Due to a conversation we got into, Brian commented on the fact that this diary has been pretty focused on my lack of a relationship. I wish I could say he was wrong. But he’s not. And that bugs me. I don’t want to be desperate for a relationship. I don’t want to have it consume me. I really want to get back to that point where I’m okay with being single and stay there.
But it’s difficult. Right now, I’m going through this whole thing where I’m becoming more aware of my sexual nature again. And at the risk of giving out too much information, my libido seems to be on the rise right now.
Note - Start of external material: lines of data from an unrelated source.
Lemma opdiag_intertwine f g A : (forall y z, A y z != 0 -> f y = g z) ->
  opmul (opdiag f) A = opmul A (opdiag g).
Proof.
move=> fAg; apply: op_ext => y z; rewrite opdiag_mull opdiag_mulr.
by have [->|/fAg ->] := eqVneq (A y z) 0; rewrite ?mulr0 ?mul0r // mulrC.
Qed.

Lemma opdiag_intertwine_adj f g A :
  opmul (opdiag f) A = opmul A (opdiag g) ->
  opmul (opadj A) (opdiag f) = opmul (opdiag g) (opadj A).
Proof. by move=> fAg; rewrite -[opdiag f]opdiag_adj -[opdiag g]opdiag_adj -!opadj_mul fAg. Qed.

End OperatorAlgebra.
Arguments opmulA_rew {R T A B D E}.
Arguments isometryK {R T A}.

Section BlockOperators.
Context {R : realType} {k : nat}.
Implicit Types a b c d e f g h : @op R (word k).
Local Notation O := (@op0 R (word k)).

Lemma block_mul a b c d e f g h :
  opmul (block k a b c d) (block k e f g h) =
  block k (opadd (opmul a e) (opmul b g)) (opadd (opmul a f) (opmul b h))
          (opadd (opmul c e) (opmul d g)) (opadd (opmul c f) (opmul d h)).
Proof. by apply: op_ext => y z; rewrite /opmul big_sumType; case: y; case: z. Qed.

Lemma block_adj a b c d :
  opadj (block k a b c d) = block k (opadj a) (opadj c) (opadj b) (opadj d).
Proof. by apply: op_ext => y z; case: y; case: z. Qed.

Lemma block_diag_conj a b c p q :
  opmul (opadj (block k a b c O)) (opmul (block k p O O q) (block k a b c O)) =
  block k (opadd (opmul (opadj a) (opmul p a)) (opmul (opadj c) (opmul q c)))
          (opmul (opadj a) (opmul p b))
          (opmul (opadj b) (opmul p a))
          (opmul (opadj b) (opmul p b)).
Proof.
rewrite block_adj opadj0 !block_mul.
by rewrite !(opmul0l, opmul0r, opadd0l, opadd0r).
Qed.

End BlockOperators.

Lemma sum_eq_indicator {V : nzRingType} {T : finType} (r : T) (G : T -> V) :
  \sum_w (w == r)%:R * G w = G r.
Proof. by rewrite (bigD1 r) //= eqxx mul1r big1 ?addr0 // => w /negbTE ->; rewrite mul0r. Qed.

Lemma sum_tuple_eq {V : nzRingType} n (s : seq bool) : size s = n ->
  \sum_(u : n.-tuple bool) ((s == u)%:R : V) = 1.
Proof.
move=> size_s; pose u0 : n.-tuple bool := insubd [tuple of nseq n false] s.
have u0E : val u0 = s by rewrite val_insubd size_s eqxx.
rewrite (bigD1 u0) //= -u0E eqxx big1 ?addr0 // => u neq_u.
by rewrite val_eqE eq_sym (negbTE neq_u).
Qed.

Lemma swap_last2_cat (t : seq bool) a b : swap_last2 (t ++ [:: a; b]) = t ++ [:: b; a].
Proof.
rewrite /swap_last2 size_cat /= addnK take_cat ltnn subnn take0 cats0.
have -> : (size t + 2 - 1 = (size t).+1)%N by rewrite addn2 subn1.
by rewrite !nth_cat ltnn subnn ltnNge leqnSn /= subSnn.
Qed.

Lemma split_last2 (s : seq bool) : (1 < size s)%N -> exists t a b, s = t ++ [:: a; b].
Proof.
case/lastP: s => [//|s b]; case/lastP: s => [//|t a] _.
by exists t, a, b; rewrite -!cats1 -catA.
Qed.

Lemma size_swap_last2 (s : seq bool) : (1 < size s)%N -> size (swap_last2 s) = size s.
Proof. by case/split_last2 => t [a [b ->]]; rewrite swap_last2_cat !size_cat. Qed.

Lemma swap_last2K (s : seq bool) : (1 < size s)%N -> swap_last2 (swap_last2 s) = s.
Proof. by case/split_last2 => t [a [b ->]]; rewrite !swap_last2_cat. Qed.

Section Words.
Variables (R : realType) (k : nat).

Definition occurs_at n (x : seq bool) : pred (word k) :=
  fun y => take (size x) (drop n y) == x.

Definition head_is b : pred (word k) := fun y => head false y == b.

Lemma PT_occurs n x : (n + size x <= k)%N -> @PT R k n x = opdiag (occurs_at n x).
Proof.
move=> nx_le; apply: op_ext => y z; rewrite /PT /opdiag /Pcyl /occurs_at.
case: (y == z) => /=; last by rewrite big1.
have size_take_y : size (take n y) = n by rewrite size_take size_tuple; case: ltnP; lia.
under eq_bigr => u _ do rewrite size_cat size_tuple takeD eqseq_cat ?size_take_y ?size_tuple //.
case: (take _ (drop n y) == x); last by rewrite big1 // => u _; rewrite andbF.
by under eq_bigr => u _ do rewrite andbT; rewrite sum_tuple_eq.
Qed.

Lemma Pcyl1_head b : (0 < k)%N -> @Pcyl R k [:: b] = opdiag (head_is b).
Proof.
move=> k_gt0; apply: op_ext => y z; rewrite /Pcyl /opdiag /head_is /=.
case: y => [[|a t] size_y] /=; first by rewrite -(eqP size_y) in k_gt0.
by rewrite take0 eqseq_cons andbT.
Qed.

Definition word_shift (z : word k) (b : bool) : word k := insubd z (rcons (behead z) b).

Definition word_swap (z : word k) : word k := insubd z (swap_last2 z).

Lemma word_shiftE z b : (0 < k)%N -> val (word_shift z b) = rcons (behead z) b.
Proof. by move=> k_gt0; rewrite val_insubd size_rcons size_behead size_tuple prednK ?eqxx. Qed.

Lemma word_swapE z : (1 < k)%N -> val (word_swap z) = swap_last2 z.
Proof. by move=> k_gt1; rewrite val_insubd size_swap_last2 size_tuple ?k_gt1 ?eqxx. Qed.

Lemma word_swapK z : (1 < k)%N -> word_swap (word_swap z) = z.
Proof. by move=> k_gt1; apply: val_inj; rewrite !word_swapE // swap_last2K // size_tuple. Qed.

Lemma UbarE (U : 'M[R[i]]_2) y z : (0 < k)%N -> Ubar k U y z =
  \sum_(b : bool) (y == word_shift z b)%:R * U (bit b) (bit (head false z)).
Proof. by move=> k_gt0; apply: eq_bigr => b _; rewrite -val_eqE /= word_shiftE. Qed.

Lemma sigmaE y z : (1 < k)%N -> @sigma R k y z = (y == word_swap z)%:R.
Proof. by move=> k_gt1; rewrite /sigma -val_eqE /= word_swapE. Qed.

End Words.
Arguments occurs_at {k}.
Arguments head_is {k}.
Arguments word_shift {k}.
Arguments word_swap {k}.
Arguments word_swapK {k}.

Lemma bit_inj : injective bit.
Proof. by case; case. Qed.

Lemma expi_conjM {R : realType} (t : R) : (expi t)^* * expi t = 1.
Proof.
rewrite /expi /=; apply/eqP; rewrite eq_complex /=.
by rewrite -(cos2Dsin2 t) !expr2; apply/andP; split; apply/eqP; ring.
Qed.

Section Tower.
Variables (R : realType) (k : nat) (U : 'M[R[i]]_2).
Hypothesis k_gt2 : (2 < k)%N.
Hypothesis U_unitary : U *m (map_mx (@Num.conj _) U)^T = 1%:M.

Let k_gt0 : (0 < k)%N. Proof. exact: ltnW (ltnW k_gt2). Qed.
Let k_gt1 : (1 < k)%N. Proof. exact: ltnW k_gt2. Qed.

Local Notation Ub := (Ubar k U).
Local Notation S := (@sigma R k).

Lemma U_columns_orthonormal i j :
  \sum_(b : bool) (U (bit b) i)^* * U (bit b) j = (i == j)%:R.
Proof.
have := mulmx1C U_unitary => /matrixP /(_ i j); rewrite !mxE => <-.
rewrite big_bool big_ord_recl big_ord1 /= addrC; congr (_ + _); rewrite !mxE //.
by have -> : lift ord0 ord0 = ord_max :> 'I_2 by apply: val_inj.
Qed.

Lemma adjUbar_mulE (X : op (word k)) y z :
  opmul (opadj Ub) X y z =
  \sum_(d : bool) (U (bit d) (bit (head false y)))^* * X (word_shift y d) z.
Proof.
rewrite /opmul /opadj.
under eq_bigr do rewrite UbarE // rmorph_sum big_distrl.
rewrite exchange_big /=; apply: eq_bigr => d _.
under eq_bigr do rewrite rmorphM rmorph_nat -mulrA.
by rewrite sum_eq_indicator.
Qed.

Lemma mul_UbarE (X : op (word k)) y z :
  opmul X Ub y z = \sum_(c : bool) U (bit c) (bit (head false z)) * X y (word_shift z c).
Proof.
rewrite /opmul.
under eq_bigr do rewrite UbarE // big_distrr.
rewrite exchange_big /=; apply: eq_bigr => c _.
under eq_bigr do rewrite mulrCA.
by rewrite sum_eq_indicator mulrC.
Qed.

Lemma sigma_mulE (X : op (word k)) y z : opmul S X y z = X (word_swap y) z.
Proof.
rewrite /opmul; under eq_bigr => v _ do rewrite sigmaE //.
rewrite -(sum_eq_indicator (word_swap y) (X^~ z)); apply: eq_bigr => v _.
by have -> : (y == word_swap v) = (v == word_swap y) by apply/eqP/eqP => ->; rewrite word_swapK.
Qed.

Lemma word_shift_eq (y z : word k) b c :
  (word_shift y b == word_shift z c) = (behead y == behead z) && (b == c).
Proof. by rewrite -val_eqE /= !word_shiftE // eqseq_rcons. Qed.

Lemma word_eq_head_behead (y z : word k) :
  (y == z) = (head false y == head false z) && (behead y == behead z).
Proof.
rewrite -val_eqE /=; case: y z => [[|a s] size_y] [[|b t] size_z] //=.
- by move: k_gt0; rewrite -(eqP size_y).
- by move: k_gt0; rewrite -(eqP size_z).
Qed.

Lemma Ubar_isometry : isometry Ub.
Proof.
apply: op_ext => y z; rewrite adjUbar_mulE /opI.
under eq_bigr do rewrite UbarE // big_distrr.
rewrite exchange_big /=.
under eq_bigr do (under eq_bigr do rewrite word_shift_eq mulrCA).
rewrite word_eq_head_behead -[head false y == _](inj_eq bit_inj).
case: (behead y == behead z) => /=.
- rewrite andbT -U_columns_orthonormal; apply: eq_bigr => b _.
  by rewrite big_bool; case: b => /=; rewrite mul1r mul0r ?addr0 ?add0r.
- by rewrite andbF big1 // => b _; rewrite big1 // => c _; rewrite mul0r.
Qed.

Lemma sigma_isometry : isometry S.
Proof.
apply: op_ext => y z; rewrite /opmul /opadj /opI.
under eq_bigr do rewrite !sigmaE // conjc_nat.
rewrite (sum_eq_indicator (word_swap y) (fun w => (w == word_swap z)%:R)).
by rewrite (inj_eq (can_inj (fun w => word_swapK w k_gt1))).
Qed.

Lemma Ubar_support y z : Ub y z != 0 -> exists b, y = word_shift z b.
Proof.
rewrite UbarE // big_bool /=.
case: (y =P word_shift z true) => [->|_]; first by exists true.
case: (y =P word_shift z false) => [->|_]; first by exists false.
by rewrite !mul0r addr0 eqxx.
Qed.

Lemma occurs_at_Ubar n x : (n + size x < k)%N ->
  opmul (opdiag (occurs_at n x)) Ub = opmul Ub (opdiag (occurs_at n.+1 x)).
Proof.
move=> nx_lt; apply: opdiag_intertwine => y z /Ubar_support [b ->].
rewrite /occurs_at word_shiftE // drop_rcons; last by rewrite size_behead size_tuple; lia.
rewrite -cats1 takel_cat; last by rewrite size_drop size_behead size_tuple; lia.
by rewrite -drop1 drop_drop addn1.
Qed.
It’s difficult to be going through these kinds of processes and not feel some stress over the fact that I have no one to explore that side of myself with.
Of course, the other thing I’m starting to realize is that my desire for a relationship is in part a desire to be able to put an end to the socializing thing. As I’ve said before, this whole thing of getting out more, doing things, and meeting people is all new to me. And while I’ve enjoyed it, it’s not entirely comfortable for me. It’s different. And there’s that part of me that would like to dream of only doing it until I find my special someone and then retreat back into the familiarity of my comfort zones.
Of course, rationally, I know that’d be a mistake. Truth be told, even if I were to meet the man I’ll spend the rest of my life with tomorrow, I still need to work on building up a network of friends and a general social life. I still need to learn to find and enjoy activities. I still need to meet more people and face new experiences. If I was to retreat back into my solitude, even with a wonderful guy who’s perfect for me, I’d ultimately be doing myself a horrible disservice.
And yet, I can’t deny how attractive or tempting an idea it is right now.